→ **Directions**: Sift the listing for lines that hold the string "Under" and pull them out.

→ **Data provided**:
(* Let $(X,T)$ be a topological dynamical system and $\mu$ a $T$-invariant Borel probability measure on $X$. The following are equivalent: (1) $\mu$ has bounded complexity with respect to $\{\hat d_n\}$; (2) $T$ is $\mu$-equicontinuous in the mean; (3) $T$ is $\mu$-mean equicontinuous.
   Context: A t.d.s. $(X,T)$ consists of a compact metric space $(X,d)$ and a continuous map $T\colon X\to X$. Let $\bar d_n(x,y)=\frac1n\sum_{i=0}^{n-1}d(T^ix,T^iy)$, $\hat d_n(x,y)=\max\{\bar d_k(x,y)\colon1\le k\le n\}$, $B_{\hat d_n}(x,\varepsilon)=\{y\colon\hat d_n(x,y)<\varepsilon\}$, and $\widehat{\mathrm{span}}_\mu(n,\varepsilon)=\min\{\#(F)\colon F\subset X,\ \mu(\bigcup_{x\in F}B_{\hat d_n}(x,\varepsilon))>1-\varepsilon\}$. $\mu$ has bounded complexity with respect to $\{\hat d_n\}$ if for every $\varepsilon>0$ there is a positive integer $C$ with $\widehat{\mathrm{span}}_\mu(n,\varepsilon)\le C$ for all $n\ge1$. A set $K\subset X$ is equicontinuous in the mean if for every $\varepsilon>0$ there is $\delta>0$ with $\hat d_n(x,y)<\varepsilon$ for all $n\ge1$ and all $x,y\in K$ with $d(x,y)<\delta$; $K$ is mean equicontinuous if for every $\varepsilon>0$ there is $\delta>0$ with $\limsup_{n\to\infty}\bar d_n(x,y)<\varepsilon$ for all $x,y\in K$ with $d(x,y)<\delta$. $T$ is $\mu$-equicontinuous in the mean (resp. $\mu$-mean equicontinuous) if for every $\tau>0$ there is a measurable $K\subset X$ with $\mu(K)>1-\tau$ which is equicontinuous in the mean (resp. mean equicontinuous). *)

From Stdlib Require List.
From HB Require Import structures.
From mathcomp Require Import all_boot all_order all_algebra.
From mathcomp Require Import all_classical all_reals all_analysis.
Set Implicit Arguments. Unset Strict Implicit. Unset Printing Implicit Defensive.
Import Order.TTheory GRing.Theory Num.Theory.
Local Open Scope classical_set_scope.
Local Open Scope ring_scope.

Section Defs.
Variables (R : realType) (X : Type) (d : X -> X -> R).

Definition is_metric : Prop :=
  [/\ (forall x y, 0 <= d x y),
      (forall x y, d x y = 0 <-> x = y),
      (forall x y, d x y = d y x) &
      (forall x y z, d x z <= d x y + d y z)].

Definition d_open (U : set X) : Prop :=
  forall x, U x -> exists2 r : R, 0 < r & (forall y, d x y < r -> U y).

Definition d_compact : Prop :=
  forall (I : Type) (U : I -> set X),
    (forall i, d_open (U i)) -> (forall x, exists i, U i x) ->
    exists s : list I, forall x, exists i, List.In i s /\ U i x.

Definition d_continuous (T : X -> X) : Prop :=
  forall x (e : R), 0 < e -> exists2 r : R, 0 < r &
    (forall y, d x y < r -> d (T x) (T y) < e).

Variable T : X -> X.

Definition dbar (n : nat) (x y : X) : R :=
  n%:R^-1 * \sum_(i < n) d (iter i T x) (iter i T y).

Definition dhat (n : nat) (x y : X) : R :=
  \big[Num.max/0]_(1 <= k < n.+1) dbar k x y.

Definition Bhat (n : nat) (x : X) (eps : R) : set X :=
  [set y | dhat n x y < eps].

End Defs.

Section Measure.
Context {R : realType} {dX : measure_display} {X : measurableType dX}.
Variables (d : X -> X -> R) (T : X -> X) (mu : probability X R).

Definition span_ok (n : nat) (eps : R) (k : nat) : Prop :=
  exists F : list X, size F = k /\
    (mu [set y | exists x, List.In x F /\ Bhat d T n x eps y] > (1 - eps)%:E)%E.

Lemma span_ok_ex n eps :
  (exists k, span_ok n eps k) -> exists k, `[< span_ok n eps k >].
Proof. by move=> [k hk]; exists k; apply/asboolP. Qed.

(* \hat{span}_mu(n,eps) = min #F (0 if no such F, which never happens) *)
Definition spanhat (n : nat) (eps : R) : nat :=
  match pselect (exists k, span_ok n eps k) with
  | left h => ex_minn (span_ok_ex h)
  | right _ => 0%N
  end.

Definition bounded_complexity : Prop :=
  forall eps : R, 0 < eps -> exists C : nat, (0 < C)%N /\
    forall n : nat, (1 <= n)%N -> (spanhat n eps <= C)%N.

Definition equicontinuous_in_mean (K : set X) : Prop :=
  forall eps : R, 0 < eps -> exists2 delta : R, 0 < delta &
    forall n x y, (1 <= n)%N -> K x -> K y -> d x y < delta ->
      dhat d T n x y < eps.

Definition mean_equicontinuous (K : set X) : Prop :=
  forall eps : R, 0 < eps -> exists2 delta : R, 0 < delta &
    forall x y, K x -> K y -> d x y < delta ->
      (limn_esup (fun n => (dbar d T n x y)%:E) < eps%:E)%E.

Definition mu_equicontinuous_in_mean : Prop :=
  forall tau : R, 0 < tau -> exists K : set X,
    [/\ measurable K, (mu K > (1 - tau)%:E)%E & equicontinuous_in_mean K].

Definition mu_mean_equicontinuous : Prop :=
  forall tau : R, 0 < tau -> exists K : set X,
    [/\ measurable K, (mu K > (1 - tau)%:E)%E & mean_equicontinuous K].

End Measure.

From HB Require Import structures.
From mathcomp Require Import all_boot all_order all_algebra.
From mathcomp Require Import all_classical all_reals all_analysis.
From mathcomp Require Import lra.
Import Order.TTheory GRing.Theory Num.Theory.
Local Open Scope classical_set_scope.
Local Open Scope ring_scope.

(* (2) => (3) is immediate, and (2) => (1) holds because a set of measure
   > 1 - eps on which the \hat d_n are uniformly equicontinuous is covered,
   for every n, by the \hat d_n-balls around a fixed finite d-net of it.
   For the converse implications it suffices to shrink any measurable L, at an
   arbitrarily small cost in measure, to a set on which the \hat d_n are
   uniformly e-equicontinuous; intersecting successive shrinkings with
   e = 1/(k+1) and summable costs gives K.  To shrink L, cover it by finitely
   many closed pieces on each of which, off a small set, nearby points are
   \hat d_n-close, and remove a thin open shell outside every piece: two
   sufficiently d-close remaining points then lie in a common piece.
   Under mean equicontinuity the pieces are small closed d-balls: from a fixed
   centre \bar d_n is eventually small, and the finitely many earlier times
   are handled by uniform continuity of T, ..., T^N.
   Under bounded complexity (at most C balls), the points lying for
   infinitely many n in a \hat d_n-ball of radius eps and measure >= b/C carry
   almost all the mass, and around each of them every \hat d_n-ball of radius
   2 eps has measure >= b/C.  Hence an eventually \hat d-separated family of
   such points has at most C/b members, and the closed \hat d-neighbourhoods
   of a maximal one are the pieces. *)

Section LimnEsup.
Context {R : realType}.
Local Open Scope ereal_scope.

Lemma limn_esup_le_eventually (u : (\bar R)^nat) N c :
  (forall n, (N <= n)%N -> u n <= c) -> limn_esup u <= c.
Proof.
move=> h; rewrite limn_esup_lim; apply: lime_le; first exact: is_cvg_esups.
exists N => // n /= Nn; apply/ereal_supP => _ [k /= nk <-]; apply: h.
exact: leq_trans Nn nk.
Qed.

Lemma limn_esup_lt_eventually {u : (\bar R)^nat} {c : \bar R} :
  limn_esup u < c -> exists N, forall n, (N <= n)%N -> u n < c.
Proof.
rewrite limn_esup_lim (cvg_lim _ (@cvg_esups_inf R u)) //.
move=> /ereal_inf_lt [_ [N _ <-] hN]; exists N => n Nn; apply: le_lt_trans hN.
by apply: ereal_sup_ubound; exists n.
Qed.

End LimnEsup.

Section RealProbability.
Context {R : realType} {dX : measure_display} {X : measurableType dX}.
Variable mu : probability X R.

Definition pr (A : set X) : R := fine (mu A).

Lemma prE {A : set X} : measurable A -> mu A = (pr A)%:E.
Proof.
move=> mA; rewrite /pr fineK // ge0_fin_numE ?measure_ge0 //.
exact: le_lt_trans (probability_le1 mu mA) (ltry _).
Qed.

Lemma pr_ge0 A : 0 <= pr A.
Proof. by rewrite /pr fine_ge0 ?measure_ge0. Qed.

Lemma pr_le1 {A : set X} : measurable A -> pr A <= 1.
Proof. by move=> mA; rewrite -lee_fin -prE // probability_le1. Qed.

→ **Finished task**:
   Under mean equicontinuity the pieces are small closed d-balls: from a fixed
   Under bounded complexity (at most C balls), the points lying for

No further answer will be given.